Aaand the puns resurface. Are we really sure I’m sober here?

Cue next week, when I try to scribe the story of the pokérap.

I don’t know what possessed me to write a rap about one of New Zealand’s most iconic children’s books, but something did. If I get bored maybe I’ll try to record it. It’s kind of tricky syllabically.

Out of the gate and off for a walk
Strode a badass dog that didn’t give a fuck
Furry little terrier, you best be wary
Goes by Hairy Maclary from Donaldson’s Dairy

Assembling his posse, from down on the street
A down dirty gang lookin’ for bitches in heat
Six canines with twelve sets of paws
Rows of sharp teeth on six fierce jaws

First a mastiff, a rough ‘n’ tumble soul
A massive hound, larger than a foal
You’d pay him respect as a matter of course
It’s Hercules Morse, as big as a horse

Next dog wasn’t loko, but sorta crazy
You step with him you’ll be dead like Swayze
One wild dalmatian who calls the shots
Name of Bottemley Potts covered in spots

A sheepdog stacked like pile of wool
If you think he’s soft then I pity you fool
You cross his path? You best walk away
Watch out for Muffin McLay like a bundle of hay

Now the next in the crew was a special kind’a mean
Some say scrawny, hell I’d say lean
A crafty little whippet, eyes all stony
That’s Blitzer Maloney all skinny and bony

Last up a German mutt with no sense of morality
The only thing lower than his centre of gravity
The brains of the group, bitches under his thumb
Holla Schnitzel von Krumm with his very low tum

Suffice to say their disposition ain’t sunny
They’d give the Killa Beez a run for their honey
Posse roaming the streets, lookin’ for tail
Six hound dogs, strappin’ young males

Sniffin’ around for a bit of rough-housin’
Knockin’ over trash, feasting, carousin’
Whatever it was, each pup had a niche
Like a mongrel gone feral, desires unleashed

This went on for hours in the dead of the night
Until out of the shadows stepped a terrible sight
This pussy had talons and a roar like a lion
Even look at him wrong and you come away cryin’

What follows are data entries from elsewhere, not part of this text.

(* For all integers $2\le k\le n$, $$2kn+k\le \gamma_t(G_k\Box G_n)\le 2kn+2k.$$
   Context: For $m\ge 1$, $G_m$ is the graph with vertex set $\{a_1,\ldots,a_m\}\cup\{b_1,\ldots,b_m\}\cup\{c_1,\ldots,c_m\}$ in which $\{a_1,\ldots,a_m\}$ forms a clique, each $b_i$ is adjacent to $a_i$ and to $c_i$, and there are no other edges (i.e. $K_m$ with a path $P_3$ attached by an end-vertex at each clique vertex). $\gamma_t$ denotes the total domination number (minimum size of a set $S$ of vertices such that every vertex of the graph has a neighbor in $S$). $G\Box H$ is the Cartesian product: vertex set $V(G)\times V(H)$, with $(u_1,v_1)\sim(u_2,v_2)$ iff either $u_1=u_2$ and $v_1v_2\in E(H)$, or $v_1=v_2$ and $u_1u_2\in E(G)$. *)

From mathcomp Require Import all_boot all_order.
Set Implicit Arguments. Unset Strict Implicit. Unset Printing Implicit Defensive.

(* Vertices of G_m: (0,i) = a_i, (1,i) = b_i, (2,i) = c_i, for i : 'I_m. *)
Definition Gm_vertex (m : nat) : finType := ('I_3 * 'I_m)%type.

(* Adjacency of G_m: {a_i} a clique, b_i ~ a_i, b_i ~ c_i, nothing else. *)
Definition Gm_adj (m : nat) : rel (Gm_vertex m) :=
  fun u v =>
    [|| [&& val u.1 == 0, val v.1 == 0 & u.2 != v.2],
        [&& u.2 == v.2, val u.1 == 0 & val v.1 == 1],
        [&& u.2 == v.2, val u.1 == 1 & val v.1 == 0],
        [&& u.2 == v.2, val u.1 == 1 & val v.1 == 2]
      | [&& u.2 == v.2, val u.1 == 2 & val v.1 == 1] ].

Definition cart_adj (T1 T2 : finType) (e1 : rel T1) (e2 : rel T2) : rel (T1 * T2) :=
  fun x y => ((x.1 == y.1) && e2 x.2 y.2) || ((x.2 == y.2) && e1 x.1 y.1).

Definition total_dominating (T : finType) (e : rel T) (S : {set T}) : bool :=
  [forall v, exists u, (u \in S) && e v u].

(* Total domination number: minimum size of a total dominating set
   (defaults to #|T| if none exists, which never happens for graphs
   without isolated vertices). *)
Definition gamma_t (T : finType) (e : rel T) : nat :=
  \big[minn/#|T|]_(S : {set T} | total_dominating e S) #|S|.

From mathcomp Require Import all_boot all_order.
Import Order.TTheory.
Set Implicit Arguments. Unset Strict Implicit. Unset Printing Implicit Defensive.

(* Split the vertices of G_k □ G_n into kn cells {a_i, b_i, c_i} × {a_j, b_j, c_j}.
   The vertices (c_i, c_j), (b_i, c_j) and (c_i, b_j) have all their neighbours inside
   their own cell, which forces every total dominating set S to meet each cell at least
   twice.  The neighbourhoods of (c_i, a_j) and (a_i, c_j) leave the cell only along its
   row or its column, and a case analysis shows that a cell meeting S exactly twice shares
   a row or a column with a cell meeting S at least three times.  So either every row or
   every column contains such a heavy cell, whence |S| >= 2kn + min(k, n).  For the upper
   bound, two vertices per cell plus two more in every cell of one column suffice. *)

Lemma total_dominatingP (T : finType) (e : rel T) (S : {set T}) :
  reflect (forall v, exists2 u, u \in S & e v u) (total_dominating e S).
Proof.
apply: (iffP forallP) => [dom v | dom v]; last first.
  by have [u uS evu] := dom v; apply/existsP; exists u; rewrite uS.
by have /existsP[u /andP[uS evu]] := dom v; exists u.
Qed.

Lemma gamma_t_le (T : finType) (e : rel T) (S : {set T}) :
  total_dominating e S -> gamma_t e <= #|S|.
Proof. by move=> domS; rewrite /gamma_t -minEnat -leEnat bigmin_le_cond. Qed.

Lemma gamma_t_ge (T : finType) (e : rel T) (S0 : {set T}) (m : nat) :
  total_dominating e S0 -> (forall S, total_dominating e S -> m <= #|S|) ->
  m <= gamma_t e.
Proof.
move=> domS0 mS; have mT : m <= #|T| := leq_trans (mS S0 domS0) (max_card _).
by rewrite /gamma_t -minEnat -leEnat le_bigmin.
Qed.

Section GmVertices.
Variable m : nat.
Implicit Types (i : 'I_m) (u : Gm_vertex m).

Definition vtxA i : Gm_vertex m := (ord0, i).
Definition vtxB i : Gm_vertex m := (Ordinal (isT : 1 < 3), i).
Definition vtxC i : Gm_vertex m := (ord_max, i).

Variant Gm_vertex_spec : Gm_vertex m -> Prop :=
  | GmA i : Gm_vertex_spec (vtxA i)
  | GmB i : Gm_vertex_spec (vtxB i)
  | GmC i : Gm_vertex_spec (vtxC i).

Lemma Gm_vertexP u : Gm_vertex_spec u.
Proof.
case: u => [x i].
have [->|->|->] : [\/ x = ord0, x = Ordinal (isT : 1 < 3) | x = ord_max].
  by case: x => [[|[|[|//]]] ?]; [constructor 1 | constructor 2 | constructor 3];
    apply: val_inj.
- exact: GmA.
- exact: GmB.
- exact: GmC.
Qed.

Lemma Gm_adjA i u :
  Gm_adj (vtxA i) u = (u == vtxB i) || [exists i', (i' != i) && (u == vtxA i')].
Proof.
have -> : [exists i', (i' != i) && (u == vtxA i')] = (val u.1 == 0) && (u.2 != i).
  apply/existsP/andP => [[i' /andP[ne /eqP->]] | [/eqP u1 ne]] //.
  exists u.2; rewrite ne; case: u u1 ne => [[[|//] ?] ?] _ _.
  by apply/eqP; congr (_, _); apply: val_inj.
case: u => [[[|[|[|//]]] ?] i'];
by rewrite /Gm_adj /vtxA /vtxB /= ?xpair_eqE -?val_eqE /= ?andbF ?andbT ?orbF // eq_sym.
Qed.

Lemma Gm_adjB i u : Gm_adj (vtxB i) u = (u == vtxA i) || (u == vtxC i).
Proof.
case: u => [[[|[|[|//]]] ?] i'];
by rewrite /Gm_adj /vtxA /vtxB /vtxC /= ?xpair_eqE -?val_eqE /= ?andbF ?andbT ?orbF //
  eq_sym.
Qed.

Lemma Gm_adjC i u : Gm_adj (vtxC i) u = (u == vtxB i).
Proof.
case: u => [[[|[|[|//]]] ?] i'];
by rewrite /Gm_adj /vtxB /vtxC /= ?xpair_eqE -?val_eqE /= ?andbF ?andbT ?orbF // eq_sym.
Qed.

End GmVertices.

Definition cell_count k n (S : {set Gm_vertex k * Gm_vertex n}) (i : 'I_k) (j : 'I_n) :
    nat :=
  \sum_(x : 'I_3) \sum_(y : 'I_3) (((x, i), (y, j)) \in S : nat).

Lemma card_cell_count k n (S : {set Gm_vertex k * Gm_vertex n}) :
  #|S| = \sum_i \sum_j cell_count S i j.
Proof.
rewrite -sum1_card big_mkcond /=.
rewrite (eq_bigr (fun v => (((v.1.1, v.1.2), (v.2.1, v.2.2)) \in S : nat))); last first.
  by move=> [[x i] [y j]] _; case: (_ \in S).
rewrite -(pair_bigA _ (fun p q => (((p.1, p.2), (q.1, q.2)) \in S : nat))).
rewrite -(pair_bigA _ (fun x i => \sum_q (((x, i), (q.1, q.2)) \in S : nat))).
rewrite exchange_big; apply: eq_bigr => i _ /=.
under eq_bigr do
  rewrite -(pair_bigA _ (fun y j => (((_, i), (y, j)) \in S : nat))) exchange_big.
by rewrite exchange_big.
Qed.

Lemma sum_ord3 (F : 'I_3 -> nat) :
  \sum_x F x = F ord0 + F (Ordinal (isT : 1 < 3)) + F ord_max.
Proof.
by rewrite !big_ord_recl big_ord0 addn0 addnA; congr (_ + F _ + F _); apply: val_inj.
Qed.

Lemma cell_countE k n (S : {set Gm_vertex k * Gm_vertex n}) i j : cell_count S i j =
  ((vtxA i, vtxA j) \in S) + ((vtxA i, vtxB j) \in S) + ((vtxA i, vtxC j) \in S) +
  ((vtxB i, vtxA j) \in S) + ((vtxB i, vtxB j) \in S) + ((vtxB i, vtxC j) \in S) +
  ((vtxC i, vtxA j) \in S) + ((vtxC i, vtxB j) \in S) + ((vtxC i, vtxC j) \in S).
Proof. by rewrite /cell_count !sum_ord3 !addnA. Qed.

(* The bit xy records whether (x_i, y_j) lies in S; the hypotheses are the domination
   constraints of (c_i, c_j), (b_i, c_j) and (c_i, b_j), and ea, ec stand for the
   neighbours of (c_i, a_j), (a_i, c_j) outside the cell. *)
Section BitCounting.
Variables aa ab ac ba bb bc ca cb cc : bool.
Hypotheses (hcc : bc || cb) (hbc : [|| ac, cc | bb]) (hcb : [|| bb, ca | cc]).

Lemma cell_bits_ge2 : 2 <= aa + ab + ac + ba + bb + bc + ca + cb + cc.
Proof.
by move: hcc hbc hcb; case: aa; case: ab; case: ac; case: ba; case: bb; case: bc;
  case: ca; case: cb; case: cc.
Qed.

Lemma cell_bits_ge3 : ac || ca -> 3 <= aa + ab + ac + ba + bb + bc + ca + cb + cc.
Proof.
by move: hcc hbc hcb; case: aa; case: ab; case: ac; case: ba; case: bb; case: bc;
  case: ca; case: cb; case: cc.
Qed.

Lemma cell_bits_le2 (ea ec : bool) : [|| ba, cb | ea] -> [|| ab, bc | ec] ->
  aa + ab + ac + ba + bb + bc + ca + cb + cc <= 2 -> ea || ec.
Proof.
by move: hcc hbc hcb; case: aa; case: ab; case: ac; case: ba; case: bb; case: bc;
  case: ca; case: cb; case: cc; case: ea; case: ec.
Qed.
End BitCounting.

Lemma sum_rows_ge k n (b : 'I_k -> 'I_n -> bool) :
  (forall i, exists j, b i j) -> k <= \sum_i \sum_j b i j.
Proof.
move=> rows; apply: leq_trans (_ : \sum_(i < k) 1 <= _).
  by rewrite sum_nat_const card_ord muln1.
by apply: leq_sum => i _; have [j bij] := rows i; rewrite (bigD1 j) //= bij.
Qed.

Lemma heavy_cells_ge k n (g : 'I_k -> 'I_n -> nat) (c : nat) : k <= n ->
  (forall i j, g i j <= c -> (exists i', c < g i' j) \/ (exists j', c < g i j')) ->
  k <= \sum_i \sum_j (c < g i j).
Proof.
move=> kn light; case: (boolP [forall i, exists j, c < g i j]).
  by move=> /forallP rows; apply: sum_rows_ge => i; apply/existsP.
rewrite negb_forall => /existsP[i0]; rewrite negb_exists => /forallP light_row.
rewrite exchange_big; apply: leq_trans kn (sum_rows_ge _) => j.
have : g i0 j <= c by rewrite leqNgt light_row.
case/light => [[i' heavy] | [j' heavy]]; first by exists i'.
by have := light_row j'; rewrite heavy.
Qed.

Lemma cell_matrix_sum_ge k n (g : 'I_k -> 'I_n -> nat) (c : nat) : k <= n ->
  (forall i j, c <= g i j) ->
  (forall i j, g i j <= c -> (exists i', c < g i' j) \/ (exists j', c < g i j')) ->
  c * k * n + k <= \sum_i \sum_j g i j.
Proof.
move=> kn ge_c light.
apply: leq_trans (_ : \sum_i \sum_j (c + (c < g i j)) <= _); last first.
  apply: leq_sum => i _; apply: leq_sum => j _.
  by case: ltnP => /= [|_]; rewrite ?addn1 ?addn0 ?ge_c.
rewrite (eq_bigr (fun i => c * n + \sum_j (c < g i j))) => [|i _]; last first.
  by rewrite big_split /= sum_nat_const card_ord mulnC.
rewrite big_split /= sum_nat_const card_ord mulnA (mulnC k) leq_add2l.
exact: heavy_cells_ge.
Qed.

Section Domination.
Variables (k n : nat) (S : {set Gm_vertex k * Gm_vertex n}).
Hypothesis domS : total_dominating (cart_adj (@Gm_adj k) (@Gm_adj n)) S.
Variables (i : 'I_k) (j : 'I_n).

Lemma dom_cc : ((vtxB i, vtxC j) \in S) || ((vtxC i, vtxB j) \in S).
Proof.
have [[p q] pqS] := total_dominatingP _ _ domS (vtxC i, vtxC j).
rewrite /cart_adj /= !Gm_adjC.
by case/orP=> /andP[/eqP ? /eqP ?]; subst; rewrite pqS ?orbT.
Qed.

Lemma dom_bc :
  [|| (vtxA i, vtxC j) \in S, (vtxC i, vtxC j) \in S | (vtxB i, vtxB j) \in S].
Proof.
have [[p q] pqS] := total_dominatingP _ _ domS (vtxB i, vtxC j).
rewrite /cart_adj /= Gm_adjC Gm_adjB.
by case/orP=> /andP[/eqP ?] => [/eqP ? | /orP[] /eqP ?]; subst; rewrite pqS ?orbT.
Qed.

Lemma dom_cb :
  [|| (vtxB i, vtxB j) \in S, (vtxC i, vtxA j) \in S | (vtxC i, vtxC j) \in S].
Proof.
have [[p q] pqS] := total_dominatingP _ _ domS (vtxC i, vtxB j).
rewrite /cart_adj /= Gm_adjC Gm_adjB.
by case/orP=> /andP[/eqP ?] => [/orP[] /eqP ? | /eqP ?]; subst; rewrite pqS ?orbT.
Qed.

Lemma dom_ca :
  [|| (vtxB i, vtxA j) \in S, (vtxC i, vtxB j) \in S | [exists j', (vtxC i, vtxA j') \in S]].
Proof.
have [[p q] pqS] := total_dominatingP _ _ domS (vtxC i, vtxA j).
rewrite /cart_adj /= Gm_adjC Gm_adjA.
case/orP=> /andP[/eqP ?] => [/orP[/eqP ?|/existsP[j' /andP[_ /eqP ?]]] | /eqP ?];
  subst; rewrite ?pqS ?orbT //.
by apply/or3P/Or33/existsP; exists j'.
Qed.

Lemma dom_ac :
  [|| (vtxA i, vtxB j) \in S, (vtxB i, vtxC j) \in S | [exists i', (vtxA i', vtxC j) \in S]].
Proof.
have [[p q] pqS] := total_dominatingP _ _ domS (vtxA i, vtxC j).
rewrite /cart_adj /= Gm_adjC Gm_adjA.
case/orP=> /andP[/eqP ?] => [/eqP ? | /orP[/eqP ?|/existsP[i' /andP[_ /eqP ?]]]];
  subst; rewrite ?pqS ?orbT //.
by apply/or3P/Or33/existsP; exists i'.
Qed.

End Domination.

Section LowerBound.
Variables (k n : nat) (S : {set Gm_vertex k * Gm_vertex n}).
Hypothesis domS : total_dominating (cart_adj (@Gm_adj k) (@Gm_adj n)) S.

Lemma cell_count_ge2 i j : 2 <= cell_count S i j.
Proof.
by rewrite cell_countE; apply: cell_bits_ge2; [exact: dom_cc | exact: dom_bc | exact: dom_cb].
Qed.

Lemma cell_count_gt2 i j :
  ((vtxA i, vtxC j) \in S) || ((vtxC i, vtxA j) \in S) -> 2 < cell_count S i j.
Proof.
rewrite cell_countE; apply: cell_bits_ge3; [exact: dom_cc | exact: dom_bc | exact: dom_cb].
Qed.

Lemma light_cell_aligned_heavy i j : cell_count S i j <= 2 ->
  (exists i', 2 < cell_count S i' j) \/ (exists j', 2 < cell_count S i j').
Proof.
rewrite cell_countE => light.
have := cell_bits_le2 (dom_cc domS i j) (dom_bc domS i j) (dom_cb domS i j)
  (dom_ca domS i j) (dom_ac domS i j) light.
case/orP=> /existsP[l lS]; [right; exists l | left; exists l];
  by apply: cell_count_gt2; rewrite lS ?orbT.
Qed.

Lemma total_dominating_card_ge : k <= n -> 2 * k * n + k <= #|S|.
Proof.
move=> kn; rewrite card_cell_count; apply: cell_matrix_sum_ge => //.
- exact: cell_count_ge2.
- exact: light_cell_aligned_heavy.
Qed.

End LowerBound.

Lemma exists_ord_neq m (i : 'I_m) : 1 < m -> exists i' : 'I_m, i' != i.
Proof.
move=> m_gt1; case: (eqVneq (val i) 0) => i0.
  by exists (Ordinal m_gt1); rewrite -val_eqE /= i0.
by exists (Ordinal (ltnW m_gt1)); rewrite -val_eqE /= eq_sym.
Qed.

Section UpperBound.
Variables (k n : nat) (j0 : 'I_n).

(* Through the clique of G_n, the vertices (a_i, a_j0) and (c_i, a_j0) also dominate
   (a_i, a_j) and (c_i, a_j) in the other columns, so there two vertices per cell suffice. *)
Definition tdset_cell (i : 'I_k) (j : 'I_n) : seq (Gm_vertex k * Gm_vertex n) :=
  if j == j0
  then [:: (vtxA i, vtxA j); (vtxA i, vtxC j); (vtxC i, vtxA j); (vtxC i, vtxB j)]
  else [:: (vtxB i, vtxB j); (vtxB i, vtxC j)].

Definition tdset : {set Gm_vertex k * Gm_vertex n} :=
  [set v | v \in tdset_cell v.1.2 v.2.2].

Lemma tdset_total_dominating :
  1 < k -> total_dominating (cart_adj (@Gm_adj k) (@Gm_adj n)) tdset.
Proof.
move=> k_gt1; apply/total_dominatingP => -[p q].
have [o oi] := exists_ord_neq p.2 k_gt1.
have [qj0 | qj0] := eqVneq q.2 j0.
- case: (Gm_vertexP p) oi => i oi; case: (Gm_vertexP q) qj0 => j /= ->;
    [ exists (vtxA o, vtxA j0) | exists (vtxA i, vtxA j0) | exists (vtxA o, vtxC j0)
    | exists (vtxA i, vtxA j0) | exists (vtxC i, vtxB j0) | exists (vtxA i, vtxC j0)
    | exists (vtxC i, vtxB j0) | exists (vtxC i, vtxA j0) | exists (vtxC i, vtxB j0) ];
    by rewrite ?inE /tdset_cell /cart_adj /Gm_adj /= ?eqxx /= ?in_cons ?eqxx
      ?[i == o]eq_sym ?oi ?orbT.
- case: (Gm_vertexP p) => i; case: (Gm_vertexP q) qj0 => j /= jj0;
    [ exists (vtxA i, vtxA j0) | exists (vtxB i, vtxB j) | exists (vtxB i, vtxC j)
    | exists (vtxB i, vtxB j) | exists (vtxB i, vtxC j) | exists (vtxB i, vtxB j)
    | exists (vtxC i, vtxA j0) | exists (vtxB i, vtxB j) | exists (vtxB i, vtxC j) ];
    by rewrite ?inE /tdset_cell /cart_adj /Gm_adj /= ?eqxx ?(negbTE jj0) /= ?in_cons
      ?eqxx ?[j0 == j]eq_sym ?jj0 ?orbT.
Qed.

Lemma cell_count_tdset i j : cell_count tdset i j = 2 + 2 * (j == j0).
Proof.
rewrite cell_countE !inE /tdset_cell /=.
by case: eqP => _; rewrite !in_cons /vtxA /vtxB /vtxC !xpair_eqE /= ?eqxx.
Qed.

Lemma card_tdset : #|tdset| = 2 * k * n + 2 * k.
Proof.
rewrite card_cell_count (eq_bigr (fun=> 2 * n + 2)) => [|i _]; last first.
  rewrite (eq_bigr _ (fun j _ => cell_count_tdset i j)) big_split /= sum_nat_const card_ord.
  rewrite (bigD1 j0) //= eqxx big1 => [|j /negbTE-> //].
  by rewrite /= muln1 addn0 mulnC.
by rewrite sum_nat_const card_ord mulnDr mulnA !(mulnC k).
Qed.
End UpperBound.

Theorem proposition5 (k n : nat) :
  2 <= k -> k <= n ->
  2 * k * n + k <= gamma_t (cart_adj (@Gm_adj k) (@Gm_adj n)) <= 2 * k * n + 2 * k.
Proof.
move=> k_ge2 kn; pose j0 : 'I_n := Ordinal (leq_trans (ltnW k_ge2) kn).
have domS0 := tdset_total_dominating j0 k_ge2.
apply/andP; split.
- apply: gamma_t_ge domS0 _ => S domS; exact: total_dominating_card_ge.
- by rewrite -(card_tdset k j0) gamma_t_le.
Qed.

A black hearted cat some called Kitty Soze
Would they tussle with him? No way hosay!
They had to back up, they had to step down
Don’t mess with Scarface Claw, the toughest tom in town

Six against one? Those odds weren’t right
Not when their bark was worse than their bite
Their confidence cracked like a basket of eggs
They scattered at once, tails between legs

Yowling, howling with a wail and a cry
None of these pooches wanted to die
And Hairy Maclary, the pup who led
Ran those little legs, straight back home to bed.